(* Let $G=(V,E)$ be a chordal graph and $T$ a spanning tree of $G$ rooted in $s\in V$. Then $T$ is an $\mathcal L$-tree of LexDFS of $G$ if and only if $T$ is an $\mathcal L$-tree of LexBFS of $G$.
   Context: Graphs are finite, simple, undirected and connected. A graph is chordal if it has no induced cycle of length greater than 3. LexDFS started at $s$: label $s$ with $(0)$, all other vertices with the empty label; for $i=1,\dots,n$ pick an unnumbered vertex $v$ with lexicographically largest label, set $\sigma(i)=v$, and prepend $i$ to the label of each unnumbered neighbor of $v$. LexBFS started at $s$: label $s$ with $(n)$, others empty; same loop but append $n-i$ to the label of each unnumbered neighbor of $v$. Orders of these searches are all possible outputs. The $\mathcal L$-tree of a vertex order $(v_1,\dots,v_n)$ is the spanning tree rooted at $v_1$ with an edge from each $v_i$ ($i>1$) to its rightmost neighbor $v_j$ with $j<i$. A spanning tree $T$ rooted at $s$ is an $\mathcal L$-tree of a search $\mathcal P$ of $G$ if some $\mathcal P$-order of $G$ starting at $s$ has $\mathcal L$-tree $T$. *)

From mathcomp Require Import all_boot.
Set Implicit Arguments. Unset Strict Implicit. Unset Printing Implicit Defensive.

Definition simple_graph (T : finType) (e : rel T) : Prop :=
  symmetric e /\ irreflexive e.

Definition connected_graph (T : finType) (e : rel T) : Prop :=
  forall x y : T, connect e x y.

Definition induced_cycle (T : finType) (e : rel T) (c : seq T) : bool :=
  [&& uniq c, 3 < size c &
   [forall i : 'I_(size c), forall j : 'I_(size c),
      e (tnth (in_tuple c) i) (tnth (in_tuple c) j) ==
      ((j == i.+1 %% size c :> nat) || (i == j.+1 %% size c :> nat))]].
━━━━━━━━━━━━━━━━━━━━━━━━━━━━━━
Throughout the material above, find lines holding the word "rooted", then copy them.

(* Let $G=(V,E)$ be a chordal graph and $T$ a spanning tree of $G$ rooted in $s\in V$. Then $T$ is an $\mathcal L$-tree of LexDFS of $G$ if and only if $T$ is an $\mathcal L$-tree of LexBFS of $G$.
   Context: Graphs are finite, simple, undirected and connected. A graph is chordal if it has no induced cycle of length greater than 3. LexDFS started at $s$: label $s$ with $(0)$, all other vertices with the empty label; for $i=1,\dots,n$ pick an unnumbered vertex $v$ with lexicographically largest label, set $\sigma(i)=v$, and prepend $i$ to the label of each unnumbered neighbor of $v$. LexBFS started at $s$: label $s$ with $(n)$, others empty; same loop but append $n-i$ to the label of each unnumbered neighbor of $v$. Orders of these searches are all possible outputs. The $\mathcal L$-tree of a vertex order $(v_1,\dots,v_n)$ is the spanning tree rooted at $v_1$ with an edge from each $v_i$ ($i>1$) to its rightmost neighbor $v_j$ with $j<i$. A spanning tree $T$ rooted at $s$ is an $\mathcal L$-tree of a search $\mathcal P$ of $G$ if some $\mathcal P$-order of $G$ starting at $s$ has $\mathcal L$-tree $T$. *)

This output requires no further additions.